Страница 17 из 54
– Шел бы ты домой! – жалел его дежурный Федорыч. – Ведь пулю только вытащили. Добегаешься до горячки!
– Не знаешь, Федорыч, задержанных в обезьянник поместили?
– Это которые в тебя стреляли? Ты что! По камерам развели!..
Сашенька никак не могла заснуть, а потому сразу услышала призывный шепот.
– Доктор, вы здесь?
Этот тихий призыв сразу разбудил старую бомжиху Свету, задушившую шарфом своего сожителя, который не желал собирать вторсырье, эксплуатировал ее по женской и материальной части, колотил регулярно, за что в сердцах и был умерщвлен в Великий Пост.
– Щещаш шебя на хоровод поштавят! – захихикала шепелявая Света. – Вот удивишься, шкоко у бабы дырок!
– Отвали! – цыкнула на бомжиху Сашенька. – Я здесь…
Душко сел под дверью камеры и заговорил:
– Это все из-за меня!.. Я не хотел… Простите меня!..
– Да кто вы? – удивленно вопрошала Сашенька.
– Я тогда на бульваре был… Душко моя фамилия… Рядовой Душко…
Он почувствовал ее запах через дверную щель. Так пахли девушки, которых он видел чаще всего издалека, которые даже в фантазиях его жили лишь мгновение… В мозгах закружилось, и он опять запросил прощения, да так искренне и настойчиво, как обычно каются дети.
А она все не понимала.
– На каком бульваре?
– На Страстном… Милиционер я… Это мы лысого обнаружили… Без уха…
– Вспомнила… Были милиционеры… Лиц только не помню… Далеко было… Надеюсь, вы не жирный?
– Нет-нет, я не Пожидаев, я – Душко…
– А за что вы прощения просите?
Рядовой замялся.
– Трудно объяснить… Ранили меня в ногу… Я помочь вам хочу!..
– Да чем же, если вы рядовой?.. Хотя погодите, – Сашенька на мгновение задумалась. – Запоминайте телефонный номер! Позвоните по нему, спросите Зурика, Зураба. Просто скажите ему, где я нахожусь… Меня зовут Александра Бове… Запомните?
– Я запомню, – пообещал Душко. – Все сделаю, как надо… Верьте мне…
Через минуту он уже набирал со служебного телефона номер мобильника.
– Александра Бове? – переспросил голос с кавказским акцентом. – А что с ней?

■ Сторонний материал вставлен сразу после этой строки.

(* For all $n\ge1$, $|\dot{\mathcal S}_n|=|\dot{\mathcal S}'_n|=3\cdot 2^{4n+1}$.
   Context: Let $\tau=(1+\sqrt5)/2$, $\tau'=(1-\sqrt5)/2$. Let $\mathbb F_4=\mathbb{Z}[\tau]/2\mathbb{Z}[\tau]$ (elements $\bar0,\bar1,\bar\tau,\bar{\tau'}$) and for $y\in\mathbb{Z}[\tau]^4$ let $\bar y\in\mathbb F_4^4$ be its coordinatewise reduction. Let $\dot A\subset\mathbb F_4^4$ be the 12 vectors obtained from $(\bar0,\bar1,\bar{\tau'},\bar\tau)$ by even permutations of coordinates and $\dot A'$ those obtained by odd permutations. For $n\ge1$, $\dot{\mathcal S}_n=\{x\in 2^{-n}\mathbb{Z}[\tau]^4: x\cdot x=1,\ \overline{2^nx}\in\dot A\}$ and $\dot{\mathcal S}'_n=\{x\in 2^{-n}\mathbb{Z}[\tau]^4: x\cdot x=1,\ \overline{2^nx}\in\dot A'\}$, where $\cdot$ is the standard dot product. *)

From HB Require Import structures.
From mathcomp Require Import all_boot all_order all_algebra all_fingroup.
Set Implicit Arguments. Unset Strict Implicit. Unset Printing Implicit Defensive.
Import Order.TTheory GRing.Theory Num.Theory.
Local Open Scope ring_scope.

(* Q(tau) = Q(sqrt 5): the pair (a, b) represents a + b*tau, where
   tau = (1 + sqrt 5)/2 satisfies tau^2 = tau + 1.  Z[tau] is the
   subring of pairs of integers. *)
Definition qtau := (rat * rat)%type.

Definition qt_add (u v : qtau) : qtau := (u.1 + v.1, u.2 + v.2).
(* (a + b tau)(c + d tau) = (ac + bd) + (ad + bc + bd) tau *)
Definition qt_mul (u v : qtau) : qtau :=
  (u.1 * v.1 + u.2 * v.2, u.1 * v.2 + u.2 * v.1 + u.2 * v.2).
Definition qt_one : qtau := (1, 0).

Definition vec4 := {ffun 'I_4 -> qtau}.

Definition dot (x y : vec4) : qtau :=
  foldr qt_add (0, 0) [seq qt_mul (x i) (y i) | i <- enum 'I_4].

Definition zvec4 := {ffun 'I_4 -> (int * int)%type}.

(* F_4 = Z[tau]/2Z[tau]; the class of a + b tau is (a mod 2, b mod 2),
   so 0 = (false,false), 1 = (true,false), tau = (false,true),
   tau' = 1 - tau = (true,true). *)
Definition F4 := (bool * bool)%type.
Definition F4_0 : F4 := (false, false).
Definition F4_1 : F4 := (true, false).
Definition F4_tau : F4 := (false, true).
Definition F4_tau' : F4 := (true, true).

Definition red (z : int * int) : F4 := (odd `|z.1|%N, odd `|z.2|%N).
Definition redv (y : zvec4) : 'I_4 -> F4 := fun i => red (y i).

Definition base4 : 'I_4 -> F4 :=
  fun i => match val i with 0 => F4_0 | 1 => F4_1 | 2 => F4_tau' | _ => F4_tau end.

Definition dotA (w : 'I_4 -> F4) : Prop :=
  exists s : 'S_4, ~~ odd_perm s /\ forall i, w i = base4 (s i).
Definition dotA' (w : 'I_4 -> F4) : Prop :=
  exists s : 'S_4, odd_perm s /\ forall i, w i = base4 (s i).

Definition scaled (n : nat) (y : zvec4) (x : vec4) : Prop :=
  forall i, x i = ((y i).1%:~R / 2 ^+ n, (y i).2%:~R / 2 ^+ n).

Definition dotS (n : nat) (x : vec4) : Prop :=
  exists y : zvec4, scaled n y x /\ dot x x = qt_one /\ dotA (redv y).
Definition dotS' (n : nat) (x : vec4) : Prop :=
  exists y : zvec4, scaled n y x /\ dot x x = qt_one /\ dotA' (redv y).

Definition has_card (T : eqType) (P : T -> Prop) (k : nat) : Prop :=
  exists s : seq T, uniq s /\ (forall x, P x <-> x \in s) /\ size s = k.

From HB Require Import structures.
From mathcomp Require Import all_boot all_order all_algebra all_fingroup alt.
From mathcomp Require Import ring zify.
Set Implicit Arguments. Unset Strict Implicit. Unset Printing Implicit Defensive.
Import Order.TTheory GRing.Theory Num.Theory.
Local Open Scope ring_scope.

(* Write a sphere point as x = y / 2^n.  The pattern condition on y modulo 2
   forces y = 2c for an icosian c (an element of the maximal order of the
   quaternion algebra over Q(sqrt 5)), x.x = 1 says that c has reduced norm
   4^(n-1), and as the pattern is nonzero, c is not divisible by 2.  Such
   primitive icosians are counted through the 600 icosians p of norm 2: every
   primitive z of norm 2^(k+2) equals q p for exactly 120 of them (those with
   z * conj p = 0 modulo 2), the quotient q being primitive of norm 2^(k+1).
   Sorting by residue class modulo 2, by induction each of the 75 nonzero
   singular classes of M_2(F_4) = icosians/2 contains 8 * 4^k primitive
   icosians of norm 2^(k+1).  48 of these classes carry an even pattern, giving
   48 * 8 * 4^(2n-3) points for n >= 2; for n = 1 one counts the 96 suitable
   units among the 120.  Odd patterns are exchanged with even ones by swapping
   the last two coordinates.  The facts about the finitely many norm-2 icosians
   and residue classes are checked by computation. *)

(* An icosian [c] is stored by its eight integer coordinates in a Z-basis of
   the icosian ring.  [icos_coords c] lists, as pairs (a, b) for a + b tau, the
   four Z[tau]-coordinates of 2c in the basis 1, i, j, k of the Hamilton
   quaternions; [icos_mul] is the quaternion product read back in the basis,
   so that 2 (c d) = (2 c) (2 d) / 2, [icos_conj] is quaternion conjugation,
   [icos_tau] multiplication by tau, and the reduced norm of [c] is
   [icos_norm1 c + icos_norm2 c * tau].  Everything is defined over an
   arbitrary commutative ring so that it can be reduced modulo 2. *)
Notation icos R := (R * R * R * R * R * R * R * R)%type.
Lemma sigma_algebra_setT (Y : Type) (SY : set (set Y)) :
  Defs.sigma_algebra SY -> sigma_algebra setT SY.
Proof.
case=> SY0 [SYC [SYU SYE]]; split=> // [S SYS|F SYF].
- by rewrite setTD; exact: SYC.
- by rewrite -bigcup_exists; exact: SYU.
Qed.

(* [g_sigma_algebraType] needs a pointed carrier. *)
Definition pointed_at (Y : Type) (y0 : Y) : Type := Y.
HB.instance Definition _ (Y : Type) (y0 : Y) := gen_eqMixin (pointed_at y0).
HB.instance Definition _ (Y : Type) (y0 : Y) := gen_choiceMixin (pointed_at y0).
HB.instance Definition _ (Y : Type) (y0 : Y) := isPointed.Build (pointed_at y0) y0.

Section MeasurableReal.
Variables (Y : Type) (y0 : Y) (SY : set (set Y)).
Hypothesis SY_sigma : Defs.sigma_algebra SY.
Local Notation T := (@g_sigma_algebraType (pointed_at y0) SY).

Lemma measurable_funP (f : Y -> R) :
  Defs.measurable_fun SY borel f <-> measurable_fun setT (f : T -> measurableTypeR R).
Proof.
have mE : @measurable _ T = SY := sigma_algebra_id (sigma_algebra_setT SY_sigma).
split=> [mf|mf B /borel_measurable mB].
  2: by have := mf measurableT B mB; rewrite setTI mE.
apply: (measurability _ (RGenOInfty.measurableE R)) => _ [_ [a ->] <-].
rewrite mE; case: SY_sigma => _ [SYC [_ SYE]].
have mle : SY (fun y => f y <= a).
  by apply: (mf (fun x => x <= a)); apply: gen_base; exists a.
apply: (SYE _ _ (SYC _ mle)) => y; rewrite /= in_itv /= andbT.
by split=> [/Rnot_le_lt/RltP|[_ /RltP ? ?]]; [|lra].
Qed.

Душко показалось, что он слышит веселый женский смех и еще какие-то голоса.
– Она в милиции.
– В милиции? – с крайним удивлением переспросил Зураб.
– Так точно.
– Сашенька Бове в милиции, – человек на мобильном словно переваривал информацию, затем на приблизившийся женский смех гаркнул раздражительно. – Подождите!.. Говорите в милиции?
– В Тверском отделе.
Зураб подумал еще недолго, а затем сказал:
– Да черт с ней, с Сашенькой Бове! Везите ее хоть в Бутырку! А лучше сами ее используйте. Прекрасное тело и гениальный язык флейтистки!..
И повесил трубку.
Душко еще раз позвонил, после чего тот же голос послал его по-русски по общеизвестному адресу, на что милиционер сообщил, что он сотрудник МВД, что враз вычислит мобильник грязного хачика, засунет аппарат тому в заднепроходное отверстие, затем туда последует весь его фруктовый бизнес, а если Зурабик торгует шаурмой, то в конце совсем больно будет!..
– Таких, как ты, рожа носатая…
Далее фантазия Душко иссякла, хотя гневный порыв выветрился не до конца, и он сказал просто:
– При задержании – смерть!
– Понял, – почему-то грустно ответили из мобильного. – Прости, мент…
Душко вернулся к камере и соврал Сашеньке, что телефон заблокирован. Наверное, Зураб поменял номер.
– Я сам что-нибудь придумаю! – с воодушевлением зашептал Душко. – Обязательно!
– Нищего нового в шизни нет! – философски заметила бомжиха Света. – Фее мы – осенние цветы!
От этой фразы Сашеньке вдруг стало смешно, она так красиво улыбалась в ночи, что если бы Душко мог созерцать сие откровение, в его душе произошли бы процессы, несовместные с жизнью простого мещанина, хоть и милиционера.
– Идите, рядовой Душко! – попросила докторша. – Вы обязательно что-нибудь придумаете… Сейчас я попробую здесь спать.
Утром все участники событий по делу лысого собрались в кабинете полковника Журова. Полковник после вчерашнего посещения Главка был слегка сумрачен, кривил губами, а, обнаружив на вычищенным до блеска ботинке голубиную акварель, сомкнул брови и желал разговаривать только матерно.
– Уроды, козлы и педерасты! – начал он привычно. – Сегодня был звонок от Министра здравоохранения нашему министру, смыслом которого являлось утверждение, что наш отдел творит беззаконие! Что мы арестовываем человека, которому почти поставлен психиатрический диагноз и который находится не под нашей юрисдикцией!
– Это как не под нашей! – возмутился Пожидаев.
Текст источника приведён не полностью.